__WHAT NEEDS TO BE DONE__.
The records that follow are to be given again exactly.

PROVIDED DATA: Begin

Lemma doubled_separated s s' p :
  odd (head 0 s) -> odd (head 0 s') -> doubled s -> doubled s' ->
  odd (nth 0 s 2) = odd (nth 0 s' 2) -> s != s' ->
  path word_adj s p -> last s p = s' -> 5 < size p.
Proof.
move=> os os' ds ds' par ne ps ls; rewrite ltnNge; apply/negP => le5.
have := path_even_size ps; rewrite ls os os' => /(_ erefl).
case: p ps ls le5 => [|x1 [|x2 [|x3 [|x4 [|x5 [|x6 p]]]]]] //=.
- by move=> _ eq_s; rewrite eq_s eqxx in ne.
- case/and3P=> sx1 x12 _ eq_x2 _ _; subst x2.
  by move: ne; rewrite (two_step_doubled sx1 x12 ds ds') eqxx.
case/and5P=> sx1 x12 x23 x34 _ eq_x4 _ _; subst x4.
have [eq_x2|ne_x2] := eqVneq x2 s.
  subst x2; move: ne.
  by rewrite (two_step_doubled x23 x34 ds ds') eqxx.
have [eq_x2'|ne_x2'] := eqVneq x2 s'.
  subst x2; move: ne.
  by rewrite (two_step_doubled sx1 x12 ds ds') eqxx.
move: sx1 x34 ne ne_x2 ne_x2' par.
rewrite (doubled_shape os ds) (doubled_shape os' ds') => sx1 x34 ne ne_x2 ne_x2'.
have r := doubled_reach_two_steps sx1 x12 ne_x2.
rewrite word_adj_sym in x23; rewrite word_adj_sym in x34.
have r' := doubled_reach_two_steps x34 x23 ne_x2'.
case: (doubled_reach_parity r r') => [eq_s|]; first by rewrite eq_s eqxx in ne.
by move=> par_ne /= par; rewrite par eqxx in par_ne.
Qed.

Lemma even_head_separated s s' p :
  ~~ odd (head 0 s) -> ~~ odd (head 0 s') -> s != s' ->
  path word_adj s p -> last s p = s' -> 1 < size p.
Proof.
move=> es es' ne ps ls; have := path_even_size ps.
rewrite ls (negbTE es) (negbTE es') => /(_ erefl).
by case: p ps ls => [|x [|y p]] //= _ eq_s; rewrite eq_s eqxx in ne.
Qed.

(** * The colourings *)

Definition color3 (s : seq nat) : nat :=
  if ~~ odd (head 0 s) then 1 else if ~~ odd (nth 0 s 1) then 2 else 3.

Definition color4 (s : seq nat) : nat :=
  if ~~ odd (head 0 s) then 1
  else if ~~ doubled s then (if head 0 s %% 4 == 1 then 2 else 3)
  else if odd (nth 0 s 2) then 5 else 4.

Lemma color3_separated s s' p :
  head 0 s < 3 -> head 0 s' < 3 -> s != s' -> color3 s = color3 s' ->
  path word_adj s p -> last s p = s' -> color3 s < size p.
Proof.
move=> s3 s3' ne.
have [os|es] := boolP (odd (head 0 s)); have [os'|es'] := boolP (odd (head 0 s'));
  rewrite /color3 ?os ?os' ?es ?es' /=; try by case: ifP.
- move=> eq_col ps ls; have par : odd (nth 0 s 1) = odd (nth 0 s' 1).
    by move: eq_col; do 2 case: (odd _).
  by apply: leq_trans (small_head_separated os os' s3 s3' par ne ps ls); case: ifP.
- by move=> _; apply: even_head_separated.
Qed.

Lemma color4_separated s s' p :
  s != s' -> color4 s = color4 s' ->
  path word_adj s p -> last s p = s' -> color4 s < size p.
Proof.
move=> ne.
have [os|es] := boolP (odd (head 0 s)); have [os'|es'] := boolP (odd (head 0 s'));
  rewrite /color4 ?os ?os' ?es ?es' /=; try by do ! case: ifP.
- have [ds|nds] := boolP (doubled s); have [ds'|nds'] := boolP (doubled s');
    rewrite ?ds ?ds' ?nds ?nds' /=; try by do ! case: ifP.
  + move=> eq_col ps ls; have par : odd (nth 0 s 2) = odd (nth 0 s' 2).
      by move: eq_col; do 2 case: (odd _).
    by apply: leq_trans (doubled_separated os os' ds ds' par ne ps ls); case: ifP.
  + move=> eq_col ps ls; have mod_eq : head 0 s = head 0 s' %[mod 4].
      by move: eq_col os os'; do 2 case: ifP; lia.
    by apply: leq_trans (undoubled_separated os os' nds nds' mod_eq ne ps ls); case: ifP.
- by move=> _; apply: even_head_separated.
Qed.

Section Words.

Variables k n : nat.
Implicit Types u v w : {ffun 'I_n -> 'I_k}.

Definition word_of u : seq nat := [seq val (u (rev_ord i)) | i <- enum 'I_n].

Lemma size_word_of u : size (word_of u) = n.
Proof. by rewrite size_map size_enum_ord. Qed.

PROVIDED DATA: End

__REPLY__.
Lemma doubled_separated s s' p :
  odd (head 0 s) -> odd (head 0 s') -> doubled s -> doubled s' ->
  odd (nth 0 s 2) = odd (nth 0 s' 2) -> s != s' ->
  path word_adj s p -> last s p = s' -> 5 < size p.
Proof.
move=> os os' ds ds' par ne ps ls; rewrite ltnNge; apply/negP => le5.
have := path_even_size ps; rewrite ls os os' => /(_ erefl).
case: p ps ls le5 => [|x1 [|x2 [|x3 [|x4 [|x5 [|x6 p]]]]]] //=.
- by move=> _ eq_s; rewrite eq_s eqxx in ne.
- case/and3P=> sx1 x12 _ eq_x2 _ _; subst x2.
  by move: ne; rewrite (two_step_doubled sx1 x12 ds ds') eqxx.
case/and5P=> sx1 x12 x23 x34 _ eq_x4 _ _; subst x4.
have [eq_x2|ne_x2] := eqVneq x2 s.
  subst x2; move: ne.
  by rewrite (two_step_doubled x23 x34 ds ds') eqxx.
have [eq_x2'|ne_x2'] := eqVneq x2 s'.
  subst x2; move: ne.
  by rewrite (two_step_doubled sx1 x12 ds ds') eqxx.
move: sx1 x34 ne ne_x2 ne_x2' par.
rewrite (doubled_shape os ds) (doubled_shape os' ds') => sx1 x34 ne ne_x2 ne_x2'.
have r := doubled_reach_two_steps sx1 x12 ne_x2.
rewrite word_adj_sym in x23; rewrite word_adj_sym in x34.
have r' := doubled_reach_two_steps x34 x23 ne_x2'.
case: (doubled_reach_parity r r') => [eq_s|]; first by rewrite eq_s eqxx in ne.
by move=> par_ne /= par; rewrite par eqxx in par_ne.
Qed.

Lemma even_head_separated s s' p :
  ~~ odd (head 0 s) -> ~~ odd (head 0 s') -> s != s' ->
  path word_adj s p -> last s p = s' -> 1 < size p.
Proof.
move=> es es' ne ps ls; have := path_even_size ps.
rewrite ls (negbTE es) (negbTE es') => /(_ erefl).
by case: p ps ls => [|x [|y p]] //= _ eq_s; rewrite eq_s eqxx in ne.
Qed.

(** * The colourings *)

Definition color3 (s : seq nat) : nat :=
  if ~~ odd (head 0 s) then 1 else if ~~ odd (nth 0 s 1) then 2 else 3.

Definition color4 (s : seq nat) : nat :=
  if ~~ odd (head 0 s) then 1
  else if ~~ doubled s then (if head 0 s %% 4 == 1 then 2 else 3)
  else if odd (nth 0 s 2) then 5 else 4.

Lemma color3_separated s s' p :
  head 0 s < 3 -> head 0 s' < 3 -> s != s' -> color3 s = color3 s' ->
  path word_adj s p -> last s p = s' -> color3 s < size p.
Proof.
move=> s3 s3' ne.
have [os|es] := boolP (odd (head 0 s)); have [os'|es'] := boolP (odd (head 0 s'));
  rewrite /color3 ?os ?os' ?es ?es' /=; try by case: ifP.
- move=> eq_col ps ls; have par : odd (nth 0 s 1) = odd (nth 0 s' 1).
    by move: eq_col; do 2 case: (odd _).
  by apply: leq_trans (small_head_separated os os' s3 s3' par ne ps ls); case: ifP.
- by move=> _; apply: even_head_separated.
Qed.

Lemma color4_separated s s' p :
  s != s' -> color4 s = color4 s' ->
  path word_adj s p -> last s p = s' -> color4 s < size p.
Proof.
move=> ne.
have [os|es] := boolP (odd (head 0 s)); have [os'|es'] := boolP (odd (head 0 s'));
  rewrite /color4 ?os ?os' ?es ?es' /=; try by do ! case: ifP.
- have [ds|nds] := boolP (doubled s); have [ds'|nds'] := boolP (doubled s');
    rewrite ?ds ?ds' ?nds ?nds' /=; try by do ! case: ifP.
  + move=> eq_col ps ls; have par : odd (nth 0 s 2) = odd (nth 0 s' 2).
      by move: eq_col; do 2 case: (odd _).
    by apply: leq_trans (doubled_separated os os' ds ds' par ne ps ls); case: ifP.
  + move=> eq_col ps ls; have mod_eq : head 0 s = head 0 s' %[mod 4].
      by move: eq_col os os'; do 2 case: ifP; lia.
    by apply: leq_trans (undoubled_separated os os' nds nds' mod_eq ne ps ls); case: ifP.
- by move=> _; apply: even_head_separated.
Qed.

Section Words.

Variables k n : nat.
Implicit Types u v w : {ffun 'I_n -> 'I_k}.

Definition word_of u : seq nat := [seq val (u (rev_ord i)) | i <- enum 'I_n].

Lemma size_word_of u : size (word_of u) = n.
Proof. by rewrite size_map size_enum_ord. Qed.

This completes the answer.